The market and the economy continue to rely on manipulations, false rumors, money injections, paper clips, balsa wood, and whatever else the central bankers can come up with to attempt to fool people into believing they have the impossible math under control. They don’t. They certainly don’t in Europe where the nonsense of China bailing out Italy is just another formerly prosecutable offense of manipulation, but in today’s world is not only ignored but championed by our former regulators.

Below you can see how prices yesterday fell out of the flag/ channel, but then “miraculously” recovered just before the close:



Hey, I’ve got a rumor for you… the markets aren’t “free” and they’re not really “markets” either.

Oh wait, that’s not a rumor, that’s fact, sorry.

On one hand Obama says “this recession” is terrible… then on the other we hear how things are improving and that we’re in “recovery.” Sad, the manipulation looks to me an awful lot like an abusive father manipulating a child. But the NFIB Small Business Optimism Index continues to expose the lies for what they are. Here’s Econoalwaysapositiveside:
Highlights
Confidence among small businesses fell for the sixth straight month, down 1.8 points in August to 88.1. The top problem is sales where more firms are currently in a downtrend than an uptrend which in turn is hurting earnings. Expectations for future sales are also in decline. Only five percent of the sample say it's a good time to expand. On the positive side, more firms plan to create new jobs over the next three months and more are reporting unfilled job openings.

Of course the NFIB itself doesn’t pull any punches stating, “Confidence in the future of the economy crashed in August…”

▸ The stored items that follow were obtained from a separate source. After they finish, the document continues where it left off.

Lemma ip_suml m (u : 'I_m -> R) (p : 'I_m -> H) z :
  ip (\sum_i u i *: p i) z = \sum_i u i * ip (p i) z.
Proof.
elim/big_rec2: _ => [|i y1 y2 _ <-]; first exact: ip0l.
by rewrite ipDl ipZl.
Qed.

Lemma ip_sumr m (u : 'I_m -> R) (p : 'I_m -> H) z :
  ip z (\sum_i u i *: p i) = \sum_i u i * ip z (p i).
Proof. by rewrite ipC ip_suml; apply: eq_bigr => i _; rewrite ipC. Qed.

Lemma ip_polar x y : ip x y = (`|x + y| ^+ 2 - `|x - y| ^+ 2) / 4.
Proof. by rewrite -!ipxx !ipDl !ipDr !ipNl !ipNr (ipC y x); field. Qed.

Lemma cvg_ip {T} {F : set_system T} {FF : Filter F} {f g : T -> H} {u w} :
  f t @[t --> F] --> u -> g t @[t --> F] --> w ->
  ip (f t) (g t) @[t --> F] --> ip u w.
Proof.
move=> fu gw; rewrite ip_polar; under eq_fun do rewrite ip_polar.
apply: cvgMr_tmp; apply: cvgB; rewrite ?expr2; apply: cvgM; apply: cvg_norm;
  by [apply: cvgD | apply: cvgB].
Qed.

Lemma parallelogram x y : `|x + y| ^+ 2 + `|x - y| ^+ 2 = 2 * `|x| ^+ 2 + 2 * `|y| ^+ 2.
Proof. by rewrite -!ipxx !ipDl !ipDr !ipNl !ipNr; ring. Qed.

Lemma scale_half_double x : 2^-1 *: (x + x) = x.
Proof. by rewrite -mulr2n -[x *+ 2]scaler_nat scalerA mulVf ?pnatr_eq0 // scale1r. Qed.

Definition midpoint_closed (K : set H) :=
  forall u w, K u -> K w -> K (2^-1 *: (u + w)).

Lemma min_dist_unique (K : set H) y p q : midpoint_closed K -> K p -> K q ->
  (forall w, K w -> `|p - y| ^+ 2 <= `|w - y| ^+ 2) ->
  (forall w, K w -> `|q - y| ^+ 2 <= `|w - y| ^+ 2) -> p = q.
Proof.
move=> Kmid Kp Kq pmin qmin.
have pq := qmin _ Kp; have qp := pmin _ Kq; have mid := pmin _ (Kmid _ _ Kp Kq).
have mid_eq : 2^-1 *: (p + q) - y = 2^-1 *: ((p - y) + (q - y)).
  by rewrite addrACA -opprD scalerBr scale_half_double.
rewrite mid_eq normrZ exprMn ger0_norm ?invr_ge0 ?ler0n // in mid.
have diff_eq : p - y - (q - y) = p - q by rewrite opprB addrA subrK.
have par := parallelogram (p - y) (q - y); rewrite diff_eq in par.
have pq_le0 : `|p - q| ^+ 2 <= 0 by lra.
by apply/eqP; rewrite -subr_eq0 -normr_eq0 -sqrf_eq0 eq_le pq_le0 sqr_ge0.
Qed.

Lemma proj_setE (K : set H) y p : midpoint_closed K -> K p ->
  (forall w, K w -> `|p - y| ^+ 2 <= `|w - y| ^+ 2) -> proj_set K y = p.
Proof.
move=> Kmid Kp pmin; rewrite /proj_set.
case: (@getPex _ [set q | K q /\ forall w, K w -> `|q - y| ^+ 2 <= `|w - y| ^+ 2]).
  by exists p.
by move=> Kq qmin; exact: min_dist_unique Kmid Kq Kp qmin pmin.
Qed.

Section Gram.
Context {m : nat} (p : 'I_m -> H).
Implicit Types u v th : 'I_m -> R.

Lemma gram_sym : is_sym (gram ip p).
Proof. by move=> i j; rewrite /gram ipC. Qed.

Lemma bform_gram u v :
  bform (gram ip p) u v = ip (\sum_i u i *: p i) (\sum_i v i *: p i).
Proof.
rewrite ip_suml; apply: eq_bigr => i _; rewrite ip_sumr mulr_sumr.
by apply: eq_bigr => j _; rewrite /gram mulrA.
Qed.

Lemma gram_psd : is_psd (gram ip p).
Proof. by move=> d; rewrite bform_gram ipxx sqr_ge0. Qed.

Lemma norm_lincomb_sq a u :
  `|\sum_i u i *: p i + a| ^+ 2 = qform (gram ip p) (gram_lin ip p a) u + `|a| ^+ 2.
Proof.
rewrite -!ipxx ipDl !ipDr /qform bform_gram (ipC a) !ip_suml.
by rewrite /dotv /gram_lin; ring.
Qed.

That’s all you need to know, but the NFIB is one of the few truth telling organizations out there so their report is definitely worth a read. Be sure to look at the cover and how low each segment is, and how far they dropped in August:

NFIB Small Business Confidence August

Import and Export Prices continue to be hot as a pistol, even by our false measurements that fail to adjust properly for the true devaluation of our money. Import prices fell .4%, but export prices rose .5%, giving us year over year readings of 9.6% for Export Prices and 13% for Import Prices. Hey, where’s that 2% inflation the “Fed” keeps yammering about? Here’s Econofool:
Highlights
A monthly decline in prices of imported petroleum products pulled total import prices 0.4 percent lower in August, results that should firm consensus expectations for mild readings in tomorrow's producer price report and Thursday's report on consumer prices. Prices for petroleum imports fell 2.1 percent in August which fed through to a 0.9 percent decline for industrial supplies. Year-on-year rates eased slightly in the month, to plus 13.0 percent for total import prices and to plus 43.5 percent for petroleum products. Importantly, price pressures for finished products remain mute, up 0.1 percent for capital goods to a year-on-year rate of plus 1.4 percent and up 0.3 percent for ex-auto consumer goods to a plus 2.0 percent year-on-year rate.

On the export side, a rise in agricultural prices pushed total export prices up 0.5 percent. Agricultural prices rose 2.2 percent in the month. Year-on-year rates are little changed at plus 9.6 percent for total export prices and at plus 23.9 percent for agricultural prices. Export prices for capital goods were unchanged for a year-on-year rate of plus 1.3 percent while consumer goods ex-autos rose 0.2 percent for a year-on-year rate of plus 5.9 percent which, in an isolated sign of price pressure at the finished goods level, is up from 5.7 percent in July for a new record.



Gee, are new records in this data a good thing?

This weekend someone in the Open Thread posted a chart showing the rise in educational debt. Not only another bubble, but abuse of the populace that speaks to the prior articles I wrote on the subject of universities sticking it to the students who wind up debt slaves, while Wall Street "engineers" profits in grotesque endowment funds that are not used for their intended purposes:



Helplessly hoping college students too.

Back to the Boat Show, again come on by if you can!